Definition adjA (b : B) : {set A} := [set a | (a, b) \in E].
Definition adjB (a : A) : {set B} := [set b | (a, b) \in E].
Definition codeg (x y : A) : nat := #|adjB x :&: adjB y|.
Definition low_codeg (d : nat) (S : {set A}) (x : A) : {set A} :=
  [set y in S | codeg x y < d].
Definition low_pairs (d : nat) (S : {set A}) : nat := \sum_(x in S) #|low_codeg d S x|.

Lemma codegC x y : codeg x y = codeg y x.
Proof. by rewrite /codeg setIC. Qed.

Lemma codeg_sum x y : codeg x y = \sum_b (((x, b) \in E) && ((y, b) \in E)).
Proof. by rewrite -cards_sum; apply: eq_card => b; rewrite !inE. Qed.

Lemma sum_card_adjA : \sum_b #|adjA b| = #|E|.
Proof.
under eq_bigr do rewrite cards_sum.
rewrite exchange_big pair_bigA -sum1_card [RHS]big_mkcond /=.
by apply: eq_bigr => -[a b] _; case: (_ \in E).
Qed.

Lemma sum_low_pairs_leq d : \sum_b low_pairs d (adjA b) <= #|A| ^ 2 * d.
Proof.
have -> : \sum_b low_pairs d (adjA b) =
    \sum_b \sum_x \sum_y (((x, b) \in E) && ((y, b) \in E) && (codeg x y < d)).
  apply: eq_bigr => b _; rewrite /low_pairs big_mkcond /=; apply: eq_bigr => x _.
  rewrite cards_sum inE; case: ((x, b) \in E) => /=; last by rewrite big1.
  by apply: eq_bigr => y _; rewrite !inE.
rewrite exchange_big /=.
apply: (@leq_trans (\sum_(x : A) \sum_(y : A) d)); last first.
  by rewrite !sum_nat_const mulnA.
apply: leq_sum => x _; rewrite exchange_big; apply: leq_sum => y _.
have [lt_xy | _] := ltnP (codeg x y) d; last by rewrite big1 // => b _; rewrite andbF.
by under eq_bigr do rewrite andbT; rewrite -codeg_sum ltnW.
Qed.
* * *
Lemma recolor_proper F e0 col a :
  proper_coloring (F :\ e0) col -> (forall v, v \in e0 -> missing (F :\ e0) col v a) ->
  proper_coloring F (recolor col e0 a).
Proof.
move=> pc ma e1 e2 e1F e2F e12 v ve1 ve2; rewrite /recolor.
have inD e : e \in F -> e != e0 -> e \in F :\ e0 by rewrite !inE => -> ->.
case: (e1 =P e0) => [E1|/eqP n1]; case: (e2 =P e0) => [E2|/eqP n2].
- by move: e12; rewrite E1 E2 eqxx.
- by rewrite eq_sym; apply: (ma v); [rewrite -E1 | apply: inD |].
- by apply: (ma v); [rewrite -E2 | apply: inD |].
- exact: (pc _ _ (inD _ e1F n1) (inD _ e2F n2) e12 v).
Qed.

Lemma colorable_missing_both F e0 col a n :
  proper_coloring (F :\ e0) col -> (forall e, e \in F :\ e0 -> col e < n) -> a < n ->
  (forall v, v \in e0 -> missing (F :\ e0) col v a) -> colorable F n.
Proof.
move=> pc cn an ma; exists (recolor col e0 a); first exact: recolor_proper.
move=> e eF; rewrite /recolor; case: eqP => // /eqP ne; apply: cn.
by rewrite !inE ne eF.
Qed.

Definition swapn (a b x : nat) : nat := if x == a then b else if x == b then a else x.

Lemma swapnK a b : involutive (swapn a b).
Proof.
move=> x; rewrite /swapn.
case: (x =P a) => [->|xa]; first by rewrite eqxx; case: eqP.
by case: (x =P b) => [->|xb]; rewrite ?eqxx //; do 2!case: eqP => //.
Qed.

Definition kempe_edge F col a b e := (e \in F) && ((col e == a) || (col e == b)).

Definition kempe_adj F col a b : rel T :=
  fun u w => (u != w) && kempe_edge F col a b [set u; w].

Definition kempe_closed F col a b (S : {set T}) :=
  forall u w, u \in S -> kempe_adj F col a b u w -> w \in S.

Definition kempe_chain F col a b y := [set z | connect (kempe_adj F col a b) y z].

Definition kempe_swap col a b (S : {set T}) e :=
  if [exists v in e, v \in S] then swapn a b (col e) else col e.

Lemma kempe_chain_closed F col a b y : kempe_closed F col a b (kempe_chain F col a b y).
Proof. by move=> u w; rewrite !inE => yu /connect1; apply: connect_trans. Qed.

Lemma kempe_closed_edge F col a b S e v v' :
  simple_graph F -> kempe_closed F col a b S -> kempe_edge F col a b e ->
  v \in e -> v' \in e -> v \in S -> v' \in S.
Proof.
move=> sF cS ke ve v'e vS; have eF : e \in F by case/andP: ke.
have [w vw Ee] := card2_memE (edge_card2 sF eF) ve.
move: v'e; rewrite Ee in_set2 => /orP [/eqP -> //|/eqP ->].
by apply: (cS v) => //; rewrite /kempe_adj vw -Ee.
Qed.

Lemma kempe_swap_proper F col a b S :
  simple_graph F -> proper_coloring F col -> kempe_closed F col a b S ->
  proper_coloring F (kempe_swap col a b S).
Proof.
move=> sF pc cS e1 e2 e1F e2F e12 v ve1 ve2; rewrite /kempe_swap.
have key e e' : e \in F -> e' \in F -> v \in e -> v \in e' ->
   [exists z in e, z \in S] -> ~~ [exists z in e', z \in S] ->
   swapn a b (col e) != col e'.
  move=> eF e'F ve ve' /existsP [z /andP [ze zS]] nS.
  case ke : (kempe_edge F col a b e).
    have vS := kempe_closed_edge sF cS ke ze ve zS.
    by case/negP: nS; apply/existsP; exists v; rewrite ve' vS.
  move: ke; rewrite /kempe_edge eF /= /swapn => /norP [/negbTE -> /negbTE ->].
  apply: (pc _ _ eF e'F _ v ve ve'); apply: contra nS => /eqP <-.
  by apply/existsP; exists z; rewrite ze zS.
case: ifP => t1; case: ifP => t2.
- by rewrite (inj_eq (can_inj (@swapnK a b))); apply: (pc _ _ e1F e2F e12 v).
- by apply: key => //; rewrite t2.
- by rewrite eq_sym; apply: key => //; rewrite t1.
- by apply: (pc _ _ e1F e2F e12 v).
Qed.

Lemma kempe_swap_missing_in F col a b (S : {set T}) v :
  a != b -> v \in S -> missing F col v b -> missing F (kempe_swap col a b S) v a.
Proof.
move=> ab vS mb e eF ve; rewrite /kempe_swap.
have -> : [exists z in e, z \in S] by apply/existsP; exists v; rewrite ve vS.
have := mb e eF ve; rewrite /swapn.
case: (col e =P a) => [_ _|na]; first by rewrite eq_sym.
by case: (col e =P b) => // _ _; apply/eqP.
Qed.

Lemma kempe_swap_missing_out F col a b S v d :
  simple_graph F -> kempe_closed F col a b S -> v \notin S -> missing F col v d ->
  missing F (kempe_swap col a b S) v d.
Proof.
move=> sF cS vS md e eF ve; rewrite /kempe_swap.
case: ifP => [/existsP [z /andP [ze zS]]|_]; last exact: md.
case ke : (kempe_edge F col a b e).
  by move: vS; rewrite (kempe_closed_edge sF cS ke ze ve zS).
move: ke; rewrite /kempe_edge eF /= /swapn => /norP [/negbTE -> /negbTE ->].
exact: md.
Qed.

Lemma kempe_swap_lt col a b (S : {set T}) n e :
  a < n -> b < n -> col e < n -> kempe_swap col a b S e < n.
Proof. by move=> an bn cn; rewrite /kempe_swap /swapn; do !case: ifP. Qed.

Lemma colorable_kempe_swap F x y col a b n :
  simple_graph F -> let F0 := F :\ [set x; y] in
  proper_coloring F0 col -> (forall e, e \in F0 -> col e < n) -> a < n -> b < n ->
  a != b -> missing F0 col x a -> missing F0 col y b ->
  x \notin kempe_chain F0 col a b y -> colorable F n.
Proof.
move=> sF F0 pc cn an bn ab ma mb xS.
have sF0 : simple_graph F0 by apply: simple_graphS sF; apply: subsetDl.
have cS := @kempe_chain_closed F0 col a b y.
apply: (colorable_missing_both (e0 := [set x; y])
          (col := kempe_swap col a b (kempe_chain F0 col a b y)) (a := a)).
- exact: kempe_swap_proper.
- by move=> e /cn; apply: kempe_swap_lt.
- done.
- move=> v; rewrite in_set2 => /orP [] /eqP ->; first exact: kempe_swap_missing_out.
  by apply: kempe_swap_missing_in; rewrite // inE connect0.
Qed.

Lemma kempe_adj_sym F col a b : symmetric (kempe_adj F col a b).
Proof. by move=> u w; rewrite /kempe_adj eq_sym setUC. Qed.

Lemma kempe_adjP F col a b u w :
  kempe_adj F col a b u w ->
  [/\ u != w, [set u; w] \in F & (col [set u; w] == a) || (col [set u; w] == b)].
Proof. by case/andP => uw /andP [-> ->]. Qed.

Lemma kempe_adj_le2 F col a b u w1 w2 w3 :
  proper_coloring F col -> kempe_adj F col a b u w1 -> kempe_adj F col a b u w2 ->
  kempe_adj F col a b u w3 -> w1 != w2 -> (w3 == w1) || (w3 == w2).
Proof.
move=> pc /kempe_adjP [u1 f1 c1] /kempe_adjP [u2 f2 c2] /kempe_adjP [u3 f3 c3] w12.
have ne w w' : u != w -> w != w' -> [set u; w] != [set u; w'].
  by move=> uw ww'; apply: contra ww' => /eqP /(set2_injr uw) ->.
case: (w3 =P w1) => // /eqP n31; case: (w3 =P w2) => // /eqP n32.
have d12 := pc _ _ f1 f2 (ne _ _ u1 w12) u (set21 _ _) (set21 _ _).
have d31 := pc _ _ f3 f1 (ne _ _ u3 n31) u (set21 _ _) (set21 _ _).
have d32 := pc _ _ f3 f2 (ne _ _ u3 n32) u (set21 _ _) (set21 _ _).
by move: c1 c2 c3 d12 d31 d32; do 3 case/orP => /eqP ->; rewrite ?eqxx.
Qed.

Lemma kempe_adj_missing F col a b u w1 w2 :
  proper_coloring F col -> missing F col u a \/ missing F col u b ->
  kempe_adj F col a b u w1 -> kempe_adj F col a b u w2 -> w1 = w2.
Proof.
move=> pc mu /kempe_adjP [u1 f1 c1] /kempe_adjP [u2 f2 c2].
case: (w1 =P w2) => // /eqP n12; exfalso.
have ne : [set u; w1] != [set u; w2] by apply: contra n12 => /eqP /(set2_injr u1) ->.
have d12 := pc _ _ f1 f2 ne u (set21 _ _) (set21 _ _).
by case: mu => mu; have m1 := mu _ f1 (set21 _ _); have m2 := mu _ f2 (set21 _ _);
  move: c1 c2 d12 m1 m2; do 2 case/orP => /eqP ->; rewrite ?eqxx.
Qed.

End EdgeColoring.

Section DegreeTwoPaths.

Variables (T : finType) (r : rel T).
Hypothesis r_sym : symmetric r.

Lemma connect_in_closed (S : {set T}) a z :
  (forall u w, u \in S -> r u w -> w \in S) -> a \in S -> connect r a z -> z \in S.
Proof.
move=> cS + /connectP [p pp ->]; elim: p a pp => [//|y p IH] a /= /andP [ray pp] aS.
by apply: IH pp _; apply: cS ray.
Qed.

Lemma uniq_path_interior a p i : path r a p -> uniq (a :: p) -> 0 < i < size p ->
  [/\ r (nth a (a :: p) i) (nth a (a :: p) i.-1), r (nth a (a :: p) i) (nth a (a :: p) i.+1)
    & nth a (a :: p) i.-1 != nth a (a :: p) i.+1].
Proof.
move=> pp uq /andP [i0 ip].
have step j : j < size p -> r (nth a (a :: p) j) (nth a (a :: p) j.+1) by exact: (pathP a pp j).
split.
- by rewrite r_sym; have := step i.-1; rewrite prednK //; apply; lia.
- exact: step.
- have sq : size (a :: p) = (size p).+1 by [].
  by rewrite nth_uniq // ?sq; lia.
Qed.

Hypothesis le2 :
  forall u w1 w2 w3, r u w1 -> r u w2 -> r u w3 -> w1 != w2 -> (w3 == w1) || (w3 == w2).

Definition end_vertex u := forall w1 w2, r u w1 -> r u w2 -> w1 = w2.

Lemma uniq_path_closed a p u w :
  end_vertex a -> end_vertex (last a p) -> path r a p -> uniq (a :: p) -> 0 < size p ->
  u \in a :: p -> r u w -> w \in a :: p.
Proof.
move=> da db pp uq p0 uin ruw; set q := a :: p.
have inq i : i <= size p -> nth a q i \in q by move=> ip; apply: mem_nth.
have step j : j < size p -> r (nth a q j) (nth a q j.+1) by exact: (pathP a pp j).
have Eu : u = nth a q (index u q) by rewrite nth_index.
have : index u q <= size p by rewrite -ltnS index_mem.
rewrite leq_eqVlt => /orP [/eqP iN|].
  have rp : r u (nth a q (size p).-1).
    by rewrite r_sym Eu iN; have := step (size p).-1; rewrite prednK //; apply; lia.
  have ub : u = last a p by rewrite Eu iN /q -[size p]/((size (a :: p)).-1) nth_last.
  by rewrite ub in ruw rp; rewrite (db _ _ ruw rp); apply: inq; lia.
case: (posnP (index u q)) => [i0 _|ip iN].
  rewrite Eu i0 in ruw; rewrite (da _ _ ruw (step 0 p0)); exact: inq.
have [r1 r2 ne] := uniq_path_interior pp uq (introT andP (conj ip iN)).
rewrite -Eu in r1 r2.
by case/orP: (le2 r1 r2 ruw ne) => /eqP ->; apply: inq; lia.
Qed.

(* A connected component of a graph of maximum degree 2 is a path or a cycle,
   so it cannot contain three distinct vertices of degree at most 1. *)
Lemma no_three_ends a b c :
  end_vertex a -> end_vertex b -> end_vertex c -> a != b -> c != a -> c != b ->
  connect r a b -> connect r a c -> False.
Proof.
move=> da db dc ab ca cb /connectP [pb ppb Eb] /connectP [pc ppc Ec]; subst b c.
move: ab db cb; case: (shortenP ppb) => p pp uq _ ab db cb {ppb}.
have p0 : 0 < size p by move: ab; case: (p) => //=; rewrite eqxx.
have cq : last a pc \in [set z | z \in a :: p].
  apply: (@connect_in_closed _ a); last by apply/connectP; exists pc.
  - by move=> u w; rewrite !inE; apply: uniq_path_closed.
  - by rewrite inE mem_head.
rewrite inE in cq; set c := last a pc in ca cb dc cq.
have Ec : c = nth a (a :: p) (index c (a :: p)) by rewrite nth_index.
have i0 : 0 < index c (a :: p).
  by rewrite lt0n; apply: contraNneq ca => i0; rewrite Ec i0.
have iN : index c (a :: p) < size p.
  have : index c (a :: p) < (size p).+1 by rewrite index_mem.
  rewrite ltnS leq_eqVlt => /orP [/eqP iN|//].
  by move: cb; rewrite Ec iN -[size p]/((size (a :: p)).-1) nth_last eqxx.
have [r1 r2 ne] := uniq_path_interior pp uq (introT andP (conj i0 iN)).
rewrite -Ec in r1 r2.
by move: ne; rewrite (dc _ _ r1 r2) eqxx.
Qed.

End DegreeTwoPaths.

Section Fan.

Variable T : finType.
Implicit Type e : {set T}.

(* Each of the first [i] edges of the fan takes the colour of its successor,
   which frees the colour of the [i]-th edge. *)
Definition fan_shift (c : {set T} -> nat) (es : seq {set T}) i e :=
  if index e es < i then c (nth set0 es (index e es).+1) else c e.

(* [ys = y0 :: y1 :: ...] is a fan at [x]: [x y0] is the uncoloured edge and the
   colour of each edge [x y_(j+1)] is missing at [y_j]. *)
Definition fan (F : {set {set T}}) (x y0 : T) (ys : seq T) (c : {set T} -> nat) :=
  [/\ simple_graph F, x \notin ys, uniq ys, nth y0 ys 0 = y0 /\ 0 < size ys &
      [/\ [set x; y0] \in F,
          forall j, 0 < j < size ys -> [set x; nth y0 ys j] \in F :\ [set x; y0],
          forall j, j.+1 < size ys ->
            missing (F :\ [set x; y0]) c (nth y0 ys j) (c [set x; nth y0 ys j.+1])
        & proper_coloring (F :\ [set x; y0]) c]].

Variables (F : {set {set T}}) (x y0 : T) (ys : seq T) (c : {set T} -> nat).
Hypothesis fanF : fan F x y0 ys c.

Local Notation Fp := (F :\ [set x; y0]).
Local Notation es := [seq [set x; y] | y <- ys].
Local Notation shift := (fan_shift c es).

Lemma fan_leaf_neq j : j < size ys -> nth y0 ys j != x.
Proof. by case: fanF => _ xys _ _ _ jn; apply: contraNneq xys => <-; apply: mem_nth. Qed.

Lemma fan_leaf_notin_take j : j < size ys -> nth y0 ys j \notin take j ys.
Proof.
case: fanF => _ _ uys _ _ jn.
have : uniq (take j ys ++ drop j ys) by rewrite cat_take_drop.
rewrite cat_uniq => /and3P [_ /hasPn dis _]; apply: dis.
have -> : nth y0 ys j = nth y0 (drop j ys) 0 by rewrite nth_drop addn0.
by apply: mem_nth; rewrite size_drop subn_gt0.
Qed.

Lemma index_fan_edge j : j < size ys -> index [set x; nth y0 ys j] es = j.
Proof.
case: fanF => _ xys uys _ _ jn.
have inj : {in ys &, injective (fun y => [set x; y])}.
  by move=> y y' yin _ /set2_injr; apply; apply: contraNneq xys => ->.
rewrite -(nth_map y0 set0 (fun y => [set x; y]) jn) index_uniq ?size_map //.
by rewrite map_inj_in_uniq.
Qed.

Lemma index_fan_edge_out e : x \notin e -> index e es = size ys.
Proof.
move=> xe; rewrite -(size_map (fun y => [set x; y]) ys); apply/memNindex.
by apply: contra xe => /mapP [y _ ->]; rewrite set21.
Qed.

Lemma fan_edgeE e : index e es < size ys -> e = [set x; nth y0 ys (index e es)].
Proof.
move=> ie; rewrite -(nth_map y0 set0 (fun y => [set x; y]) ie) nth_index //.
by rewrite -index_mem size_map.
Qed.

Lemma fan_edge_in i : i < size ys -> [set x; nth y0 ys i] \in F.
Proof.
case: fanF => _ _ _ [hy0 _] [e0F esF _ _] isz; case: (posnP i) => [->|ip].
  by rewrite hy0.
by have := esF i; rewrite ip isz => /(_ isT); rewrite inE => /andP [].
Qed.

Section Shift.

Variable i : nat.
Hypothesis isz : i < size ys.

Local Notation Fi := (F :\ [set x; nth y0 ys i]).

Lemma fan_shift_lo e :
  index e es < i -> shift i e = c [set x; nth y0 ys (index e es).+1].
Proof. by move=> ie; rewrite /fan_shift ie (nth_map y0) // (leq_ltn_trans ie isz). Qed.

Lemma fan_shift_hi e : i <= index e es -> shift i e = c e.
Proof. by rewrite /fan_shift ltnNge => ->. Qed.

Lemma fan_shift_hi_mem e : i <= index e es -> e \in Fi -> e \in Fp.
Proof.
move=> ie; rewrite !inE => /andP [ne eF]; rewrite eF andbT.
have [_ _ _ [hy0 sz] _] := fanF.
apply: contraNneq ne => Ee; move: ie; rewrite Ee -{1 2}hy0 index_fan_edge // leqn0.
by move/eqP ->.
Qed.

EXERCISE PROMPT: Copy back the listing above exactly, but only from the line with "move=> cS +" through the line with "rewrite Eu i0", both ends included.

REPLY TO THE EXERCISE:
move=> cS + /connectP [p pp ->]; elim: p a pp => [//|y p IH] a /= /andP [ray pp] aS.
by apply: IH pp _; apply: cS ray.
Qed.

Lemma uniq_path_interior a p i : path r a p -> uniq (a :: p) -> 0 < i < size p ->
  [/\ r (nth a (a :: p) i) (nth a (a :: p) i.-1), r (nth a (a :: p) i) (nth a (a :: p) i.+1)
    & nth a (a :: p) i.-1 != nth a (a :: p) i.+1].
Proof.
move=> pp uq /andP [i0 ip].
have step j : j < size p -> r (nth a (a :: p) j) (nth a (a :: p) j.+1) by exact: (pathP a pp j).
split.
- by rewrite r_sym; have := step i.-1; rewrite prednK //; apply; lia.
- exact: step.
- have sq : size (a :: p) = (size p).+1 by [].
  by rewrite nth_uniq // ?sq; lia.
Qed.

Hypothesis le2 :
  forall u w1 w2 w3, r u w1 -> r u w2 -> r u w3 -> w1 != w2 -> (w3 == w1) || (w3 == w2).

Definition end_vertex u := forall w1 w2, r u w1 -> r u w2 -> w1 = w2.

Lemma uniq_path_closed a p u w :
  end_vertex a -> end_vertex (last a p) -> path r a p -> uniq (a :: p) -> 0 < size p ->
  u \in a :: p -> r u w -> w \in a :: p.
Proof.
move=> da db pp uq p0 uin ruw; set q := a :: p.
have inq i : i <= size p -> nth a q i \in q by move=> ip; apply: mem_nth.
have step j : j < size p -> r (nth a q j) (nth a q j.+1) by exact: (pathP a pp j).
have Eu : u = nth a q (index u q) by rewrite nth_index.
have : index u q <= size p by rewrite -ltnS index_mem.
rewrite leq_eqVlt => /orP [/eqP iN|].
  have rp : r u (nth a q (size p).-1).
    by rewrite r_sym Eu iN; have := step (size p).-1; rewrite prednK //; apply; lia.
  have ub : u = last a p by rewrite Eu iN /q -[size p]/((size (a :: p)).-1) nth_last.
  by rewrite ub in ruw rp; rewrite (db _ _ ruw rp); apply: inq; lia.
case: (posnP (index u q)) => [i0 _|ip iN].
  rewrite Eu i0 in ruw; rewrite (da _ _ ruw (step 0 p0)); exact: inq.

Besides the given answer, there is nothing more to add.